Table 2 reports the GS results for the CPI-based inflation rate
series.(5) The GS fractional differencing estimates are generally
similar in magnitude to the corresponding spectral regression estimates.
Strong evidence of persistent dependence is obtained for all CPI-based
inflation rates, with the possible exception of Indonesia, for which the
long-memory evidence is unstable across estimation sample sizes.
Table 3 reports the frequency-domain approximate ML estimates for
the CPI-based inflation rate series. Contrary to the spectral regression
and Gaussian semiparametric methods, the approximate ML method
simultaneously estimates both the short- and the long-memory parameters
of the model. For simple models, such as fractional Gaussian noise,
parameter estimates may be easily obtained. However, the computational
problems associated with estimation of the model become more serious for
higher-order short-memory (ARMA) structures (e.g., trade-offs between
the value of the long-memory parameter and those of the ARMA parameters
as well as possible stationarity and invertibility problems with the AR
and MA polynomials, respectively). To minimize the effects of an
overparameterized short-memory structure and to preserve parsimony, we
arrive at the final ARFIMA specification by the following strategy. We
allow for a short-memory structure up to AR(2), use the Schwarz
information criterion (SIC) to choose the best model, test the
statistical significance of the AR coefficients, and ensure that the
stationarity condition is met for the resulting AR polynomial.(6) As
Table 3 reports, the ARFIMA specifications selected result in fractional
differencing parameter estimates that are broadly consistent with the
semiparametric estimates. Significant evidence of long memory is
obtained for all CPI-based inflation rate series, thus reinforcing the
robustness of the evidence over alternative estimation methods.

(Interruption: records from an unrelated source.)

Lemma perm_code_card_leq_M (U : finType) n d (A : {set {perm U}}) :
  #|U| = n -> {in A &, forall p s, p != s -> d <= hd p s} -> #|A| <= M n d.
Proof.
move=> cardU dA.
pose e (x : U) : 'I_n := cast_ord cardU (enum_rank x).
pose e' (i : 'I_n) : U := enum_val (cast_ord (esym cardU) i).
have eK : cancel e e' by move=> x; rewrite /e /e' cast_ordK enum_rankK.
have e'K : cancel e' e by move=> i; rewrite /e /e' enum_valK cast_ordKV.
have relabel_inj (p : {perm U}) : injective (e \o p \o e').
  by move=> i j /(can_inj eK)/perm_inj/(can_inj e'K).
pose relabel p := perm (relabel_inj p).
have relabelE p x : relabel p (e x) = e (p x) by rewrite permE /= eK.
have hd_relabel p s : hd (relabel p) (relabel s) = hd p s.
  have e'_bij : {on [set x | p x != s x], bijective e'} := onW_bij _ (Bijective e'K eK).
  rewrite /hd -(on_card_preimset e'_bij).
  by apply: eq_card => i; rewrite !inE !permE /= (inj_eq (can_inj eK)).
have relabel_inj_perm : injective relabel.
  by move=> p s eq_ps; apply/permP => x; apply: (can_inj eK); rewrite -!relabelE eq_ps.
rewrite -(card_imset A relabel_inj_perm).
apply: (@leq_bigmax_cond _ (perm_code d) (fun B => #|B|)).
apply/forallP => p'; apply/implyP => /imsetP[p pA ->].
apply/forallP => s'; apply/implyP => /imsetP[s sA ->].
by apply/implyP => ne; rewrite hd_relabel dA //; apply: contraNneq ne => ->.
Qed.

Section FieldIdentities.
Local Open Scope ring_scope.
Variable R : idomainType.

Lemma quadratic_roots_sum (a r s : R) : r != s ->
  a ^+ 2 + a * r + r ^+ 2 = 0 -> a ^+ 2 + a * s + s ^+ 2 = 0 -> s = - a - r.
Proof.
move=> rs hr hs; have : (r - s) * (r + s + a) = 0.
  transitivity ((a ^+ 2 + a * r + r ^+ 2) - (a ^+ 2 + a * s + s ^+ 2)); first ring.
  by rewrite hr hs subrr.
move/eqP; rewrite mulf_eq0 subr_eq0 (negbTE rs) /= => /eqP vieta.
by transitivity (- a - r + (r + s + a)); [ring | rewrite vieta addr0].
Qed.

Lemma pole_agreement_identities (a1 a2 b1 b2 x1 x2 : R) : x1 != 0 -> x2 != 0 ->
  a1 * x1 + b1 = 0 -> a2 * x2 + b2 = 0 -> a2 * x1 + b2 = b1 -> a1 * x2 + b1 = b2 ->
  a1 ^+ 2 + a1 * a2 + a2 ^+ 2 = 0 /\ a1 * b1 + a2 * b2 = 0.
Proof.
move=> x1_0 x2_0 h1 h2 h3 h4.
pose u := (a1 + a2) * x1 - a2 * x2; pose v := (a1 + a2) * x2 - a1 * x1.
have u0 : u = 0.
  transitivity ((a2 * x1 + b2 - b1) + (a1 * x1 + b1) - (a2 * x2 + b2)).
    by rewrite /u; ring.
  by rewrite h1 h2 h3 subrr; ring.
have v0 : v = 0.
  transitivity ((a1 * x2 + b1 - b2) + (a2 * x2 + b2) - (a1 * x1 + b1)).
    by rewrite /v; ring.
  by rewrite h1 h2 h4 subrr; ring.
have q0 : a1 ^+ 2 + a1 * a2 + a2 ^+ 2 = 0.
  have : x1 * x2 * (a1 ^+ 2 + a1 * a2 + a2 ^+ 2) = a1 * x1 * u + a2 * x2 * v + u * v.
    by rewrite /u /v; ring.
  rewrite u0 v0 !mulr0 !addr0 => /eqP; rewrite !mulf_eq0 (negbTE x1_0) (negbTE x2_0).
  by move/eqP.
split=> //.
transitivity (a1 * (a1 * x1 + b1) + a2 * (a2 * x2 + b2)
              - x1 * (a1 ^+ 2 + a1 * a2 + a2 ^+ 2) + a2 * u); first by rewrite /u; ring.
by rewrite h1 h2 q0 u0; ring.
Qed.

End FieldIdentities.

Section Construction.
Local Open Scope ring_scope.
Variable F : finFieldType.

Definition Fx : Type := {x : F | x != 0}.

Lemma card_Fx : #|{: Fx}| = (#|F|).-1.
Proof. by rewrite card_sig; exact: cardC1. Qed.

Definition pole (P : Fx * F) : {set Fx} :=
  [set x : Fx | val P.1 * val x + P.2 == 0].

Definition gval (P : Fx * F) (x : Fx) : F :=
  if x \in pole P then P.2 else val P.1 * val x + P.2.

Lemma gval_pole P x : x \in pole P -> gval P x = P.2.
Proof. by rewrite /gval => ->. Qed.

Lemma gval_nopole P x : x \notin pole P -> gval P x = val P.1 * val x + P.2.
Proof. by rewrite /gval => /negbTE ->. Qed.

Lemma mulFx_neq0 (a x : Fx) : val a * val x != 0.
Proof. by rewrite mulf_neq0 ?(valP a) ?(valP x). Qed.

Lemma card_pole_le1 P : (#|pole P| <= 1)%N.
Proof.
apply/card_le1_eqP => x y; rewrite !inE => /eqP hx /eqP hy.
by apply: val_inj; apply: (mulfI (valP P.1)); apply: (addIr P.2); rewrite hx hy.
Qed.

Table 2. Gaussian Semiparametric Estimates of the Fractional
Differencing Parameter d for CPI-based Inflation Rates
No. Harmonic Ordinates
Inflation Series v = 20 v = 30 v = 40 v = 50 v = 60
G7 Countries
United States 0.840 0.584 0.528 0.539 0.510
Canada 0.667 0.512 0.486 0.483 0.427
Germany 0.643 0.497 0.444 0.432 0.397
United Kingdom 0.513 0.469 0.521 0.373 0.362
France 0.803 0.687 0.594 0.549 0.563
Italy 0.647 0.696 0.488 0.503 0.470
Japan 0.939 0.565 0.487 0.461 0.415
Other Industrial Countries
Austria 0.480 0.239 0.293 0.210 0.215
Belgium 0.660 0.511 0.571 0.509 0.459
Denmark 0.569 0.469 0.386 0.319 0.318
Netherlands 0.811 0.500 0.458 0.353 0.297
Norway 0.640 0.541 0.408 0.292 0.281
Sweden 0.517 0.341 0.223 0.190 0.198
Switzerland 0.645 0.243 0.236 0.222 0.224
Luxemburg 0.581 0.438 0.380 0.364 0.361
Finland 0.846 0.545 0.527 0.358 0.310
Greece 0.538 0.426 0.399 0.354 0.336
Portugal 0.551 0.579 0.404 0.315 0.304
Spain 0.709 0.436 0.331 0.346 0.295
Developing Countries
South Africa 0.554 0.331 0.291 0.272 0.265
Mexico 0.289 0.215 0.219 0.167 0.163
Turkey 0.586 0.409 0.337 0.314 0.278
India 0.650 0.681 0.605 0.536 0.462
Indonesia 0.286 0.095 0.096 0.125 0.203
South Korea 0.454 0.488 0.364 0.337 0.326
Philippines 0.338 0.766 0.549 0.388 0.340
Pakistan 0.573 0.404 0.380 0.343 0.330
Standard Errors 0.111 0.091 0.079 0.070 0.064
The number of harmonic estimates indicates the number of
low-frequency periodogram coordinates used in the estimation.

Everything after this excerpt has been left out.